(Beginning of Records shown)
(* The cross terms, of order 1/k, transfer the damping -k^2 w^2 of the
   temperature to u and v, uniformly in k. *)
Lemma mode_energy_dissipation g d k u v w : 0 < g -> 0 < d ->
  d * (2 * (1 + g ^+ 2 + (g ^+ 2 / 2 - 1) ^+ 2)) <= 1 -> 1 <= k ->
  mode_energy_deriv (d * g / k) (d * g ^+ 2 / 2 / k) u v w
    (k * v) (- (k * u) + g * (k * w)) (- (g * (k * v)) - k * (k * w))
  <= - (d * g ^+ 2 / 4) * (u ^+ 2 + v ^+ 2 + w ^+ 2).
Proof.
move=> g0 d0 hd k1; have k0 : k != 0 by rewrite gt_eqF // (lt_le_trans _ k1).
set c := g ^+ 2 / 2 - 1.
set C := -2 * k ^+ 2 + 5/4 * d * g ^+ 2 + d * k ^+ 2 + d * c ^+ 2.
have -> : mode_energy_deriv (d * g / k) (d * g ^+ 2 / 2 / k) u v w
    (k * v) (- (k * u) + g * (k * w)) (- (g * (k * v)) - k * (k * w)) =
  - (d * g ^+ 2 / 4) * (u ^+ 2 + v ^+ 2 + w ^+ 2)
  - d * ((g / 2 * v + k * w) ^+ 2 + (g / 2 * u - c * w) ^+ 2) + C * w ^+ 2.
  by rewrite /mode_energy_deriv /C /c; field.
have C0 : C <= 0.
  have k2 : 1 <= k ^+ 2 by rewrite expr_ge1 // (le_trans _ k1).
  have := sqr_ge0 c; have := sqr_ge0 g; rewrite /C /c in hd *; nra.
have := mulr_ge0 (ltW d0) (addr_ge0 (sqr_ge0 (g / 2 * v + k * w)) (sqr_ge0 (g / 2 * u - c * w))).
have := sqr_ge0 w; nra.
Qed.

Lemma sqr_scale_le u k : 0 <= k <= 1 -> (u * k) ^+ 2 <= u ^+ 2.
Proof.
move=> /andP[k0 k1]; rewrite exprMn ler_piMr ?sqr_ge0 //.
by rewrite expr_le1.
Qed.

(* Writing (a, b, c) for the image of (u, v, w): v = a/k, w = -(c + g a)/k^2,
   u = g w - b/k. *)
Lemma mode_coercive g k u v w : 1 <= k ->
  u ^+ 2 + v ^+ 2 + w ^+ 2 <= (5 + 6 * g ^+ 2 + 4 * g ^+ 4) *
    ((k * v) ^+ 2 + (- (k * u) + g * (k * w)) ^+ 2 + (- (g * (k * v)) - k * (k * w)) ^+ 2).
Proof.
move=> k1; have kp : 0 < k by apply: lt_le_trans k1.
have k0 : k != 0 by rewrite gt_eqF.
set a := k * v; set b := - (k * u) + g * (k * w); set c := - (g * (k * v)) - k * (k * w).
have p01 : 0 <= k^-1 <= 1 by rewrite invr_ge0 ltW //= invr_le1 // unitfE.
have p2_01 : 0 <= k^-1 * k^-1 <= 1.
  by case/andP: p01 => p0 p1; rewrite mulr_ge0 //= mulr_ile1.
have ev : v = a * k^-1 by rewrite /a mulrC mulKf.
have ew : w = - (c + g * a) * (k^-1 * k^-1) by rewrite /c /a; field.
have eu : u = g * w - b * k^-1 by rewrite /b ew /c /a; field.
have sq_add (x y : R) : (x + y) ^+ 2 <= 2 * x ^+ 2 + 2 * y ^+ 2 by have := sqr_ge0 (x - y); nra.
have hv : v ^+ 2 <= a ^+ 2 by rewrite ev; apply: sqr_scale_le.
have hw : w ^+ 2 <= 2 * c ^+ 2 + 2 * g ^+ 2 * a ^+ 2.
  rewrite ew; apply: le_trans (sqr_scale_le _ p2_01) _; rewrite sqrrN.
  by apply: le_trans (sq_add _ _) _; rewrite exprMn !mulrA.
have hu : u ^+ 2 <= 2 * g ^+ 2 * w ^+ 2 + 2 * b ^+ 2.
  rewrite {1}eu; apply: le_trans (sq_add _ _) _; rewrite sqrrN exprMn mulrA lerD2l.
  by apply: ler_wpM2l => //; apply: sqr_scale_le.
have -> : g ^+ 4 = g ^+ 2 * g ^+ 2 by rewrite -exprD.
have := sqr_ge0 a; have := sqr_ge0 b; have := sqr_ge0 c; have := sqr_ge0 g; nra.
Qed.

End ModeEstimates.
(* Let $d,r$ be integers with $d\ge1$ and $1\le r\le\binom{m+d}{d}-r_d$. Then $d_r(\mathrm{PRM}_q(d,m))=\mathsf{p}_m-\overline{e}_r(d,m)$.
   Context: $q$ is a prime power, $\mathbb{F}_q$ the finite field with $q$ elements, $m$ a positive integer, $\mathsf{p}_m=q^m+\dots+q+1=|\mathbb{P}^m(\mathbb{F}_q)|$. A monomial $\mu\neq1$ in $x_0,\dots,x_m$ written $x_0^{a_0}\cdots x_k^{a_k}$ with $a_k>0$ is projectively reduced if $a_0,\dots,a_{k-1}\le q-1$; $1$ is projectively reduced; a polynomial is projectively reduced if it is a linear combination of projectively reduced monomials. $r_d$ is the dimension of the degree-$d$ component of the ideal generated by $\{x_i^qx_j-x_ix_j^q:0\le i<j\le m\}$; $\binom{m+d}{d}-r_d=\dim\mathrm{PRM}_q(d,m)$. $\overline{e}_r(d,m)$ is the maximum number of points of $\mathbb{P}^m(\mathbb{F}_q)$ at which $G_1,\dots,G_r$ all vanish, over families of $r$ linearly independent projectively reduced homogeneous polynomials of degree $d$. Fix representatives $P_1,\dots,P_{\mathsf{p}_m}\in\mathbb{F}_q^{m+1}$ of the points of $\mathbb{P}^m(\mathbb{F}_q)$; $\mathrm{PRM}_q(d,m)$ is the image of the homogeneous degree-$d$ polynomials under $F\mapsto(F(P_1),\dots,F(P_{\mathsf{p}_m}))$. For a linear code $C$ and $1\le r\le\dim C$, $d_r(C)=\min\{|\mathrm{Supp}(D)|:D\subseteq C\text{ subspace},\dim D=r\}$, with $\mathrm{Supp}(D)$ the set of coordinates where some element of $D$ is nonzero. *)

From HB Require Import structures.
From mathcomp Require Import all_boot all_order all_algebra all_field.
From mathcomp Require Import mpoly.
From Stdlib Require Import ClassicalEpsilon.
Set Implicit Arguments.
Unset Strict Implicit.
Unset Printing Implicit Defensive.
Import GRing.Theory.
Local Open Scope ring_scope.

Definition classb (P : Prop) : bool :=
  if excluded_middle_informative P then true else false.

Section PRM.
Variable F : finFieldType.
Variable m : nat.

Definition qF : nat := #|F|.
Definition pm : nat := (\sum_(i < m.+1) qF ^ i)%N.

Notation poly := {mpoly F[m.+1]}.

Definition proj_reduced_mon (mu : 'X_{1..m.+1}) : bool :=
  (mu == 0%MM) ||
  [exists k : 'I_m.+1,
     [&& (0 < mu k)%N,
         [forall j : 'I_m.+1, (k < j)%N ==> (mu j == 0%N)] &
         [forall j : 'I_m.+1, (j < k)%N ==> (mu j <= qF - 1)%N]]].

Definition proj_reduced (f : poly) : bool :=
  all proj_reduced_mon (msupp f).

Definition lin_indep k (G : 'I_k -> poly) : Prop :=
  forall c : 'I_k -> F, \sum_(i < k) c i *: G i = 0 -> forall i, c i = 0.

Definition gen_poly (i j : 'I_m.+1) : poly :=
  'X_i ^+ qF * 'X_j - 'X_i * 'X_j ^+ qF.

Definition in_ideal (f : poly) : Prop :=
  exists h : 'I_m.+1 -> 'I_m.+1 -> poly,
    f = \sum_(i < m.+1) \sum_(j < m.+1 | (i < j)%N) h i j * gen_poly i j.

(* r_d : dimension of the degree-d component of that ideal, i.e. the
   maximal number of linearly independent homogeneous degree-d polynomials
   in the ideal (bounded by binom(m+d,d), the dimension of all
   homogeneous polynomials of degree d). *)
Definition rd (d : nat) : nat :=
  \max_(k < 'C(m + d, d).+1 |
         classb (exists G : 'I_k -> poly,
                   (forall i, G i \is d.-homog /\ in_ideal (G i)) /\
                   lin_indep G)) k.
(End of Records shown)
→ Exercise goal:
What is needed is an exact copy of the lines above, from the one containing "u = g w - b/k. *)" through the one containing "by case/andP: p01", with nothing added.

→ Response below:
   u = g w - b/k. *)
Lemma mode_coercive g k u v w : 1 <= k ->
  u ^+ 2 + v ^+ 2 + w ^+ 2 <= (5 + 6 * g ^+ 2 + 4 * g ^+ 4) *
    ((k * v) ^+ 2 + (- (k * u) + g * (k * w)) ^+ 2 + (- (g * (k * v)) - k * (k * w)) ^+ 2).
Proof.
move=> k1; have kp : 0 < k by apply: lt_le_trans k1.
have k0 : k != 0 by rewrite gt_eqF.
set a := k * v; set b := - (k * u) + g * (k * w); set c := - (g * (k * v)) - k * (k * w).
have p01 : 0 <= k^-1 <= 1 by rewrite invr_ge0 ltW //= invr_le1 // unitfE.
have p2_01 : 0 <= k^-1 * k^-1 <= 1.
  by case/andP: p01 => p0 p1; rewrite mulr_ge0 //= mulr_ile1.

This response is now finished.